International Journal of Open Information Technologies

The problems of modeling spatial configurations of a continuous medium in several stable states, the interaction between spatially distant elements of which is characterized by a potential energy proportional to the masses of the elements and the interaction potential, which depends only on the distance between the elements, are considered.

The study of the equation of equilibrium of a continuous medium makes it possible to form an algorithm of a mathematical model for the formation of detailed data on the density of a continuous medium in various phase states. Depending on the value of the Fourier  transform of the interaction potential at the minimum point, and also in accordance with the properties of a one-dimensional continuous medium, the density of the medium assumes the corresponding phase state. The basis for choosing numerical methods for solving the problem according to a given algorithm significantly affects the accuracy of searching for detailed data.

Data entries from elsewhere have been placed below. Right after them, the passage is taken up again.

Lemma foldr_join_le (a v : M) s :
  (foldr Order.join a s <= v) = (a <= v) && all (<= v) s.
Proof. by elim: s => [|p s IH] /=; rewrite ?andbT // leUx IH andbCA. Qed.

Lemma le_foldr_join (a : M) s : a <= foldr Order.join a s.
Proof. by have /andP[] := eqbLR (foldr_join_le a _ s) (lexx _). Qed.

Lemma mem_le_foldr_join (a p : M) s : p \in s -> p <= foldr Order.join a s.
Proof. by have /andP[_ /allP] := eqbLR (foldr_join_le a _ s) (lexx _); apply. Qed.

Definition complemented_itv (a b : M) : Prop :=
  forall x, a <= x -> x <= b -> exists y, x `&` y = a /\ x `|` y = b.

Lemma interval_subset_iff {a b c e : M} : a <= b ->
  (forall z, a <= z -> z <= b -> c <= z /\ z <= e) <-> c <= a /\ b <= e.
Proof.
move=> ab; split=> [sub|[ca be] z az zb].
  by split; [case: (sub a) | case: (sub b)].
by split; [apply: le_trans az | apply: le_trans be].
Qed.

Lemma max_atomisticP (a b : M) : max_atomistic a b <-> atomistic a b /\
  forall c e, atomistic c e -> c <= a -> b <= e -> a <= c /\ e <= b.
Proof.
split=> -[[ab atomic] maxab]; split=> // c e [ce ce_atomic].
  move=> ca be; apply/(interval_subset_iff ce).
  exact: maxab (conj ce ce_atomic) (proj2 (interval_subset_iff ab) (conj ca be)).
move=> /(interval_subset_iff ab)[ca be]; apply/(interval_subset_iff ce).
exact: maxab (conj ce ce_atomic) ca be.
Qed.

End Lattice.

Section Duality.
Context {d : Order.disp_t} {M : tbLatticeType d}.

Lemma finite_length_dual : @finite_length _ M -> @finite_length _ M^d.
Proof. by move=> Hfin C HC; apply: Hfin => x y Cx Cy; rewrite orbC; apply: HC. Qed.

Lemma modular_dual : @modular _ M -> @modular _ M^d.
Proof.
move=> Hmod; change (forall x y z : M, z <= x -> x `&` (y `|` z) = (x `&` y) `|` z).
by move=> x y z zx; rewrite meetC (joinC y) -Hmod // joinC meetC.
Qed.

Lemma covers_dual (a b : M) : @covers _ M^d a b <-> covers b a.
Proof.
by split=> -[ab H]; split=> // z h1 h2; case: (H z h2 h1); [right|left|right|left].
Qed.

Lemma is_lub_covers_dual (b u : M) :
  @is_lub _ M^d (@covers _ M^d b) u <-> is_glb (covers^~ b) u.
Proof.
split=> -[ub least]; split=> [x /covers_dual/ub // | v ubv].
  by apply: least => x /covers_dual/ubv.
by apply: least => x /covers_dual/ubv.
Qed.

Lemma complemented_itv_dual (a b : M) :
  @complemented_itv _ M^d b a <-> complemented_itv a b.
Proof.
by split=> cab x ax xb; have [y [xy1 xy2]] := cab x xb ax; exists y.
Qed.

End Duality.

Section FiniteLength.
Context {d : Order.disp_t} {M : tbLatticeType d}.
Hypothesis Hfin : @finite_length d M.

Lemma no_strictly_increasing (x : nat -> M) : ~ (forall n, x n < x n.+1).
Proof.
move=> xS; have le_x : {mono x : i j / (i <= j)%N >-> i <= j}.
  exact/le_mono/(homo_ltn lt_trans xS).
have [s Hs] : exists s : seq M, forall z, (exists n, z = x n) -> z \in s.
  by apply: Hfin => _ _ [i ->] [j ->]; rewrite !le_x leq_total.
have x_uniq : uniq (map x (iota 0 (size s).+1)).
  by rewrite (map_inj_uniq (inc_inj le_x)) iota_uniq.
have /(uniq_leq_size x_uniq) : {subset map x (iota 0 (size s).+1) <= s}.
  by move=> _ /mapP[n _ ->]; apply: Hs; exists n.
by rewrite size_map size_iota ltnn.
Qed.

Lemma exists_maximal {P : M -> Prop} {x0 : M} : P x0 ->
  exists m, P m /\ forall y, P y -> m <= y -> y = m.
Proof.
move=> Px0; apply: NNPP => nomax.
have up m : P m -> exists y, P y /\ m < y.
  move=> Pm; apply: NNPP => nobig; apply: nomax; exists m; split=> // y Py my.
  apply: NNPP => ne; apply: nobig; exists y; split=> //.
  by rewrite lt_def my andbT; apply/eqP.
pose next m := epsilon (inhabits m) (fun y => P y /\ m < y).
have nextP m : P m -> P (next m) /\ m < next m.
  by move=> Pm; apply: (epsilon_spec _ _ (up m Pm)).
have Piter n : P (iter n next x0) by elim: n => //= n /nextP[].
apply: (@no_strictly_increasing (fun n => iter n next x0)) => n.
by case: (nextP _ (Piter n)).
Qed.

End FiniteLength.

Section Covers.
Context {d : Order.disp_t} {M : tbLatticeType d}.
Hypothesis Hmod : @modular d M.
Hypothesis Hfin : @finite_length d M.

Lemma exists_covers {a b : M} : a < b -> exists2 c, covers a c & c <= b.
Proof.
move=> ab; have [c [[ac cb] cmin]] := exists_maximal (finite_length_dual Hfin)
  (P := fun z : M => a < z /\ z <= b) (conj ab (lexx b)).
exists c => //; split=> // z az zc; have [->|za] := eqVneq z a; first by left.
by right; apply: cmin => //; split; [rewrite lt_def za az | apply: le_trans cb].
Qed.

Lemma covers_meet {a p x : M} : covers a p -> a <= x -> p `&` x = a \/ p <= x.
Proof.
move=> [ap Hp] ax; have [||->|/meet_idPl] := Hp (p `&` x).
- by rewrite lexI (ltW ap) ax.
- exact: leIl.
- by left.
- by right.
Qed.

(* By modularity [b, b `|` p] is isomorphic to [p `&` b, p] = [a, p]. *)
Lemma covers_join {a p b : M} : covers a p -> a <= b -> ~~ (p <= b) ->
  covers b (b `|` p).
Proof.
move=> cap ab /negP pb; split.
  by rewrite lt_leAnge leUl leUx lexx /=; apply/negP.
move=> w bw wbp; have bpw : b `|` (p `&` w) = w by rewrite Hmod //; apply/meet_idPr.
have [pwa|/meet_idPl pw] := covers_meet cap (le_trans ab bw).
  by left; rewrite -bpw pwa; apply/join_idPl.
by right; rewrite -bpw pw.
Qed.

End Covers.

Section Ustar.
Context {d : Order.disp_t} {M : tbLatticeType d}.
Hypothesis Hfin : @finite_length d M.

Lemma is_lub_unique {S : M -> Prop} {u v : M} : is_lub S u -> is_lub S v -> u = v.
Proof. by move=> [Su lu] [Sv lv]; apply: le_anti; rewrite lu ?lv. Qed.

Lemma covers_ub_ge {a v : M} : a != \top ->
  (forall p, covers a p -> p <= v) -> a <= v.
Proof.
move=> na ubv; have [c ac _] : exists2 c, covers a c & c <= \top.
  by apply: exists_covers; rewrite // lt_neqAle na lex1.
exact: le_trans (ltW ac.1) (ubv c ac).
Qed.

Lemma exists_foldr_covers_ub (a : M) (Q : M -> Prop) : exists s,
  (forall p, p \in s -> covers a p /\ Q p) /\
  forall p, covers a p -> Q p -> p <= foldr Order.join a s.
Proof.
pose join_of_covers u :=
  exists s, (forall p, p \in s -> covers a p /\ Q p) /\ u = foldr Order.join a s.
have seed : join_of_covers a by exists [::].
have [_ [[s [sP ->]] smax]] := exists_maximal Hfin seed.
exists s; split=> // p cp Qp.
rewrite -(smax (p `|` foldr Order.join a s)) ?leUl ?leUr //.
by exists (p :: s); split=> // q; rewrite in_cons => /predU1P[->|/sP].
Qed.

Lemma ustar_spec (a : M) : exists s, [/\ forall p, p \in s -> covers a p,
  forall p, covers a p -> p <= ustar a & ustar a = foldr Order.join a s].
Proof.
rewrite /ustar; have [->|na] := eqVneq a \top.
  by exists [::]; split=> // p _; rewrite lex1.
have [s [sP ub]] := exists_foldr_covers_ub a (fun=> True).
exists s; have {}sP p : p \in s -> covers a p by case/sP.
have lub : is_lub (covers a) (foldr Order.join a s).
  split=> [p cp|v ubv]; first exact: ub.
  rewrite foldr_join_le covers_ub_ge //=.
  by apply/allP => p /sP; apply: ubv.
have -> : epsilon (inhabits \bot) (is_lub (covers a)) = foldr Order.join a s.
  exact: is_lub_unique (epsilon_spec (inhabits \bot) _ (ex_intro _ _ lub)) lub.
by split=> //; case: lub.
Qed.

Lemma le_ustar (a : M) : a <= ustar a.
Proof. by have [s [_ _ ->]] := ustar_spec a; apply: le_foldr_join. Qed.

Lemma covers_le_ustar {a p : M} : covers a p -> p <= ustar a.
Proof. by have [s [_ + _]] := ustar_spec a; apply. Qed.

Lemma ustar_le {a v : M} :
  a <= v -> (forall p, covers a p -> p <= v) -> ustar a <= v.
Proof.
have [s [sP _ ->] av ubv] := ustar_spec a.
by rewrite foldr_join_le av; apply/allP => p /sP; apply: ubv.
Qed.

Lemma is_lub_covers_ustar {a : M} : a != \top -> is_lub (covers a) (ustar a).
Proof.
move=> na; split=> [p|v ubv]; first exact: covers_le_ustar.
exact: ustar_le (covers_ub_ge na ubv) ubv.
Qed.

End Ustar.

Lemma uplus_dual {d} {M : tbLatticeType d} (Hfin : @finite_length d M) (b : M) :
  uplus b = @ustar _ M^d b.
Proof.
rewrite /uplus; have [->|nb] := eqVneq b \bot; first by rewrite /ustar eqxx.
have lub := is_lub_covers_ustar (finite_length_dual Hfin) nb.
apply: (is_lub_unique (M := M^d) _ lub); apply/is_lub_covers_dual.
apply: (epsilon_spec (inhabits \bot)).
by exists (@ustar _ M^d b); apply/is_lub_covers_dual.
Qed.

Lemma ustar_dual {d} {M : tbLatticeType d} (Hfin : @finite_length d M) (a : M) :
  ustar a = @uplus _ M^d a.
Proof.
(* [M^d^d] is [M] up to conversion, which [exact] (unlike [exact:]) sees through. *)
symmetry; exact (@uplus_dual _ M^d (finite_length_dual Hfin) a).
Qed.

Section Modular.
Context {d : Order.disp_t} {M : tbLatticeType d}.
Hypothesis Hmod : @modular d M.
Hypothesis Hfin : @finite_length d M.

Lemma ustar_mono {a b : M} : a <= b -> ustar a <= ustar b.
Proof.
move=> ab; apply: (ustar_le Hfin) => [|p cap].
  exact: le_trans ab (le_ustar Hfin b).
have [pb|npb] := boolP (p <= b); first exact: le_trans pb (le_ustar Hfin b).
exact: le_trans (leUr p b) (covers_le_ustar Hfin (covers_join Hmod cap ab npb)).
Qed.

Lemma complemented_itv_sub {a b a' b' : M} : complemented_itv a b ->
  a <= a' -> a' <= b' -> b' <= b -> complemented_itv a' b'.
Proof.
move=> cab aa' a'b' b'b x a'x xb'.
have [y [xy_meet xy_join]] := cab x (le_trans aa' a'x) (le_trans xb' b'b).
exists ((y `|` a') `&` b'); split.
  rewrite meetA meetAC (meet_l xb') joinC meetC -Hmod //.
  by rewrite meetC xy_meet (join_l aa').
by rewrite Hmod // joinA xy_join (join_l (le_trans a'b' b'b)) (meet_r b'b).
Qed.

Lemma complemented_foldr_covers {a : M} {s} : (forall p, p \in s -> covers a p) ->
  complemented_itv a (foldr Order.join a s).
Proof.
(* Take z maximal with x `&` z = a: an atom p in s outside x `|` z would make
   z `|` p a larger such element. *)
move=> sP x ax xb; set b := foldr Order.join a s in xb *.
pose P z := [/\ a <= z, z <= b & x `&` z = a].
have seed : P a by split; rewrite ?le_foldr_join ?(meet_r ax).
have [z [[az zb xz] zmax]] := exists_maximal Hfin seed.
exists z; split=> //; apply: le_anti; rewrite leUx xb zb foldr_join_le.
rewrite (le_trans ax (leUl x z)) /=; apply/allP => p ps /=; apply/negPn/negP => pxz.
have [pxz_a|] := covers_meet (sP p ps) (le_trans ax (leUl x z)); last by apply/negP.
have xzp : (x `|` z) `&` (z `|` p) = z.
  by rewrite meetC -Hmod ?leUr // pxz_a; apply/join_idPl.
have Pzp : P (z `|` p).
  split; [exact: le_trans az (leUl z p)|by rewrite leUx zb mem_le_foldr_join|].
  by rewrite -(joinKI z x) -meetA xzp.
have zpz := zmax _ Pzp (leUl z p).
by move/negP: pxz; apply; rewrite (le_trans (leUr p z)) // zpz leUr.
Qed.

Lemma complemented_itv_ustar (a : M) : complemented_itv a (ustar a).
Proof.
by have [s [sP _ ->]] := ustar_spec Hfin a; apply: complemented_foldr_covers.
Qed.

The «bottlenecks» in this algorithm are the calculation of integral values, where a particular method of searching for values in the grid nodes is selected to form the final result value or set of values.

The calculation of detailed data according to the formulated algorithm was carried out in the Microsoft Visual Studio 2017 software development environment, and the algorithm itself is described using the C++ programming language. For graphical visualization of the solution, Maple software applications were used. To accurately calculate the final detailed data with an accuracy of up to five decimal places, the Simpson method was used to find the value of the integral.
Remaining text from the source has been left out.